Sie können mit den Betroffenen auf Augenhöhe sprechen, weil Sie selbst im Einsatz oft Grenz-Situationen erlebt haben. Was waren für Sie persönlich schwer zu verkraftende Momente?
Das Elbe-Hochwasser 2002 in Pirna. Da waren die Notfallseelsorger aus ganz Bayern im Einsatz. Die Verzweiflung der vielen Menschen, die alles verloren hatten, sogar die Bodenplatten ihrer Häuser waren weggeschwemmt - diese Bilder werde ich nie vergessen.

Wie verkraften Sie selbst die Eindrücke von den Schauplätzen des Unglücks?
Ich lege sie für mich als Erinnerungen und Erfahrungen ab, die zum Leben dazugehören. Aber auch ich bekomme natürlich Hilfe von Kollegen, wenn ich sie brauche. Wir besprechen das Erlebte und tauschen uns aus. Auch meine Frau Doris ist mir eine große Hilfe und nicht zuletzt mein christlicher Glaube. Der gibt mir Kraft.
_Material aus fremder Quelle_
(* Let $f(t)$ be a solution of the kinetic Kuramoto model for non-identical oscillators with coupling $K>0$ and initial datum $f_0$ with $\int\omega^2 g(\omega)d\omega<\infty$. Then the functional $$\mathcal H_f(t)=\int_{[-\pi,\pi)\times\mathbb R}\Theta(t,\vartheta,\omega)\,\omega\,f_0(\vartheta,\omega)\,d\vartheta\,d\omega+K\frac{R(t)^2}{2}$$ is non-decreasing in $t$.
   Context: Kinetic Kuramoto model for non-identical oscillators: $f(t)$ is a probability measure on $\mathcal T\times\mathbb R$, $\mathcal T=\mathbb R/2\pi\mathbb Z$, given via characteristics $\dot\Theta(t,\vartheta,\omega)=\omega-KR(t)\sin(\Theta(t,\vartheta,\omega)-\varphi(t))$, $\Theta(0,\vartheta,\omega)=\vartheta$ (real-valued, with $\vartheta\in[-\pi,\pi)$), $R(t)e^{\mathrm{i}\varphi(t)}=\int e^{\mathrm{i}\vartheta}f(t,\vartheta,\omega)d\vartheta d\omega$, and $f(t)$ is the push-forward of $f_0$ by $(\vartheta,\omega)\mapsto(\Theta(t,\vartheta,\omega),\omega)$. $g$ is the $\omega$-marginal of $f_0$. *)

From HB Require Import structures.
From mathcomp Require Import all_boot all_order all_algebra.
From mathcomp Require Import all_classical all_reals all_analysis.
Set Implicit Arguments. Unset Strict Implicit. Unset Printing Implicit Defensive.
Import Order.TTheory GRing.Theory Num.Theory.
Import numFieldNormedType.Exports.
Local Open Scope classical_set_scope.
Local Open Scope ring_scope.
Lemma all_or_nothing_admissible : admissible all_or_nothing.
Proof.
split=> [t Q p | t Q N].
  by rewrite /all_or_nothing; case: ifP => _; [exact: fsub0set | exact: fsubset_refl].
pose S := [set p | qvalue value t Q p fset0 <= qvalue value t Q p Q].
have mS : measurable S.
  rewrite -[X in measurable X]setTI; apply: measurable_lee => //;
  exact: measurable_qvalue value_nonneg_measurable _ _ _.
have -> : [set p | all_or_nothing t Q p = N] =
    (S `&` [set _ | fset0 = N]) `|` (~` S `&` [set _ | Q = N]).
  apply/seteqP; split => p; rewrite /all_or_nothing /S /=.
    by case: ifP => h E; [left | right]; split => //; rewrite h.
  by case: ifP => h [[h1 h2] | [h1 h2]] //; move: h1; rewrite h.
apply: measurableU; apply: measurableI => //; try exact: measurable_const_set.
exact: measurableC.
Qed.

Lemma qvalue_all_or_nothing_le_value t Q p :
  qvalue value t Q p (all_or_nothing t Q p) <= value t Q p.
Proof.
apply: le_trans (min_qvalue_le_value t Q p); rewrite /all_or_nothing.
case: ifP => h; rewrite le_min lexx ?h//= andbT.
by move/negbT: h; rewrite -ltNge => /ltW.
Qed.

End dynamic_programming.

Section publishing.
Context (R : realType) (d : measure_display) (Omega : measurableType d)
  (P : probability Omega R) (X : nat -> Omega -> R) (k : R.-pker R ~> R)
  (beta gamma : R) (D : nat -> nat -> R).
Hypotheses (beta0 : 0 <= beta) (gamma0 : 0 < gamma) (D0 : forall tau w, 0 <= D tau w)
  (mX : forall t, measurable_fun setT (X t)) (X0 : forall t w, 0 <= X t w)
  (mc : markov_chain P X k).

Section admissible_policy.
Variables (pi : policy R) (adm : admissible pi).

Lemma queue_sigma j m : (j <= m.+1)%N ->
  forall Q, <<s cylinders X m >> ((fun w => queue pi X w j) @^-1` [set Q]).
Proof.
elim: j => [|j IH] jm Q.
  have [<-|Q0] := pselect (fset0 = Q).
    rewrite (_ : _ @^-1` _ = setT); last by apply/seteqP; split.
    exact: (@measurableT _ (g_sigma_algebraType (cylinders X m))).
  rewrite (_ : _ @^-1` _ = set0); last by apply/seteqP; split.
  exact: (@measurable0 _ (g_sigma_algebraType (cylinders X m))).
have -> : (fun w => queue pi X w j.+1) @^-1` [set Q] = \bigcup_(Q' : {fset nat})
    ((fun w => queue pi X w j) @^-1` [set Q'] `&`
     X j @^-1` (pi j Q' @^-1` [set N | next_queue j Q' N = Q])).
  by apply/seteqP; split => [w /= <-|w [Q' _ [/= -> //]]]; exists (queue pi X w j).
apply: (@countable_bigcupT_measurable _ (g_sigma_algebraType (cylinders X m))).
  exact: countableP.
move=> Q'; apply: (@measurableI _ (g_sigma_algebraType (cylinders X m))).
  by apply: IH; exact: ltnW.
apply: (@sub_sigma_algebra _ setT (cylinders X m)); apply: cylinders_preimage => //.
by apply: measurable_preimage_countable; exact: adm.2.
Qed.

Lemma measurable_queue j Q : measurable ((fun w => queue pi X w j) @^-1` [set Q]).
Proof. exact: (measurable_cylinders_sigma mX (queue_sigma (leqnSn j) Q)). Qed.
(* The Kauffman bracket of a closed 3-braid can be computed letter by letter:
   a partial smoothing only matters through the way it connects the three top
   points of the braid to the three current bottom points -- one of the five
   crossingless matchings 1, e_1, e_2, e_1 e_2, e_2 e_1 spanning the
   Temperley-Lieb algebra TL_3 -- and through the number of loops it has
   already closed.  Smoothing the three crossings of Delta = x_1 x_2 x_1 thus
   gives a linear recurrence for the brackets of the closures of e Delta^m,
   e in that basis, whose solution is periodic of period two up to a factor
   a^6.  Together with the writhe -3m of Delta^m this yields the formulas. *)

From Pilot Require Import Defs.
From mathcomp Require Import all_boot all_order all_algebra.
From mathcomp Require Import zify ring.
Set Implicit Arguments. Unset Strict Implicit. Unset Printing Implicit Defensive.
Import GRing.Theory.

(** * Classes of a labelling under merging *)

Lemma eq_merge (f : nat -> nat) (e : nat * nat) x y :
  (Defs.merge f e x == Defs.merge f e y) =
  (f x == f y) || ((f x == f e.1) || (f x == f e.2)) && ((f y == f e.1) || (f y == f e.2)).
Proof.
rewrite /Defs.merge /=; move: (f x) (f y) (f e.1) (f e.2) => A B U V.
case: (A =P V) => [->|hA]; case: (B =P V) => [->|hB]; rewrite ?eqxx ?orbT ?andbT ?orbF //=.
- by rewrite (eq_sym V) (negbTE (introN eqP hB)) eq_sym.
- by rewrite (negbTE (introN eqP hA)).
- by case: (A =P U) => [->|] /=; [rewrite eq_sym orbb | rewrite orbF].
Qed.

Definition glue (f : nat -> nat) (E : seq (nat * nat)) := foldl Defs.merge f E.

Definition map_edges (phi : nat -> nat) (E : seq (nat * nat)) :=
  [seq (phi e.1, phi e.2) | e <- E].

Definition edges_within (D : seq nat) (E : seq (nat * nat)) :=
  all (fun e => (e.1 \in D) && (e.2 \in D)) E.

Lemma map_edges_within phi D E :
  edges_within D E -> edges_within (map phi D) (map_edges phi E).
Proof.
by elim: E => //= e E IH /andP [/andP [h1 h2] HE]; rewrite !map_f // IH.
Qed.

Lemma map_edges_id E : map_edges id E = E.
Proof. by elim: E => //= [[x y] E] ->. Qed.

Lemma glue_map (phi : nat -> nat) D E f g :
  edges_within D E ->
  {in D &, forall x y, (g x == g y) = (f (phi x) == f (phi y))} ->
  {in D &, forall x y, (glue g E x == glue g E y) =
                       (glue f (map_edges phi E) (phi x) == glue f (map_edges phi E) (phi y))}.
Proof.
elim: E f g => [|e E IH] f g //= /andP[/andP[D1 D2] HE] H.
by apply: IH => // x y Dx Dy; rewrite !eq_merge /= !H.
Qed.

Lemma glue_fresh x E f :
  all (fun e => (e.1 != x) && (e.2 != x)) E ->
  (forall y, (f x == f y) = (x == y)) ->
  forall y, (glue f E x == glue f E y) = (x == y).
Proof.
elim: E f => [|e E IH] f //= /andP[/andP[D1 D2] HE] H.
apply: IH => // y.
rewrite eq_merge H (H e.1) (H e.2) (eq_sym x e.1) (eq_sym x e.2) (negbTE D1) (negbTE D2).
by rewrite /= ?andbF ?orbF.
Qed.

Definition nclasses (f : nat -> nat) (s : seq nat) := size (undup (map f s)).

Lemma mem_map_has (f : nat -> nat) x s : (f x \in map f s) = has (fun y => f x == f y) s.
Proof. by elim: s => //= y s IH; rewrite in_cons IH. Qed.

Lemma eq_in_nclasses (f g : nat -> nat) (s : seq nat) :
  {in s &, forall x y, (f x == f y) = (g x == g y)} -> nclasses f s = nclasses g s.
Proof.
elim: s => //= x s IH H; rewrite /nclasses /= !mem_map_has.
have -> : has (fun y => f x == f y) s = has (fun y => g x == g y) s.
  by apply: eq_in_has => y ys; apply: H; rewrite in_cons ?eqxx ?ys ?orbT.
have E := IH (fun a b ha hb => H a b (mem_behead (s:=x::s) ha) (mem_behead (s:=x::s) hb)).
by case: has => //=; rewrite -/(nclasses _ _) E.
Qed.

Lemma nclasses_map f phi s : nclasses f (map phi s) = nclasses (f \o phi) s.
Proof. by rewrite /nclasses -map_comp. Qed.

Lemma size_undup_cat_disjoint (s t : seq nat) : ~~ has (mem t) s ->
  size (undup (s ++ t)) = size (undup s) + size (undup t).
Proof.
move=> H; rewrite undup_cat size_cat; congr (_ + _).
rewrite (eq_in_filter (a2 := predT)) ?filter_predT // => z; rewrite mem_undup => zs /=.
by apply/negP => zt; move/hasP: H; apply; exists z.
Qed.

Lemma nclasses_split F (W L : seq nat) : {subset W <= L} ->
  nclasses F L = nclasses F W + nclasses F [seq x <- L | F x \notin map F W].
Proof.
move=> sub; rewrite /nclasses -size_undup_cat_disjoint.
  apply/perm_size/perm_undup => z; rewrite mem_cat; apply/mapP/orP.
  - case=> x xL ->; case: (boolP (F x \in map F W)) => h; [by left|right].
    by apply/mapP; exists x => //; rewrite mem_filter h.
  - case=> [/mapP [x xW ->]|/mapP [x]]; first by exists x => //; apply: sub.
    by rewrite mem_filter => /andP[_ xL] ->; exists x.
apply/hasP => [[z /mapP [x xW ->]]] /= /mapP [y].
by rewrite mem_filter => /andP [h _] Exy; move: h; rewrite -Exy map_f.
Qed.

Lemma leq_nclasses f (W L : seq nat) : {subset W <= L} -> nclasses f W <= nclasses f L.
Proof. by move=> H; rewrite (nclasses_split f H) leq_addr. Qed.

Lemma nclasses_merge F e (W L : seq nat) : {subset W <= L} -> e.1 \in W -> e.2 \in W ->
  nclasses (Defs.merge F e) L + nclasses F W = nclasses F L + nclasses (Defs.merge F e) W.
Proof.
move=> sub h1 h2; rewrite (nclasses_split (Defs.merge F e) sub) (nclasses_split F sub).
have memW x : (Defs.merge F e x \in map (Defs.merge F e) W) = (F x \in map F W).
  rewrite !mem_map_has; apply/hasP/hasP => [[w wW]|[w wW Hw]].
    rewrite eq_merge => /orP [Hw|/andP [/orP [H|H] _]]; first by exists w.
      by exists e.1.
    by exists e.2.
  by exists w => //; rewrite eq_merge Hw.
rewrite (eq_filter (a2 := fun x => F x \notin map F W)); last by move=> x; rewrite memW.
have -> : nclasses (Defs.merge F e) [seq x <- L | F x \notin map F W] =
          nclasses F [seq x <- L | F x \notin map F W].
  rewrite /nclasses; congr (size (undup _)); apply/eq_in_map => x.
  rewrite mem_filter => /andP [H _]; rewrite /Defs.merge.
  by case: eqP => // E; move: H; rewrite E map_f.
lia.
Qed.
Wer kann Fachberater Seelsorge werden?
Voraussetzung ist eine theologische Ausbildung. Meist sind es Pfarrer und Diakone, auch Religionspädagogen.

Sie teilen sich diese Aufgabe mit Pfarrer Michael Schaefer aus Mainleus. Wer unterstützt Sie noch?
Bis vor kurzem waren wir noch vier Fachberater. Es ist wichtig, dass wir Ersatz für Kollegen finden, die aus Altersgründen ausscheiden, aber es wird immer schwieriger, Leute dafür zu gewinnen. Ich bin froh, dass wir noch die "Peers" als Unterstützung haben, Einsatzkräfte, die speziell für psychosoziale Aufgaben geschult sind.

Gibt es etwas, das die Gesellschaft tun kann, um die Helfer besser zu unterstützen?
Ich wünsche mir, dass die Gesellschaft ehrenamtlich helfende Tätigkeiten stärker wertschätzt und nicht als selbstverständlich betrachtet. Tag und Nacht jede Minute einsatzbereit zu sein, ist schon eine besondere Leistung der Helfer von Feuerwehr, BRK, THW und anderen Diensten.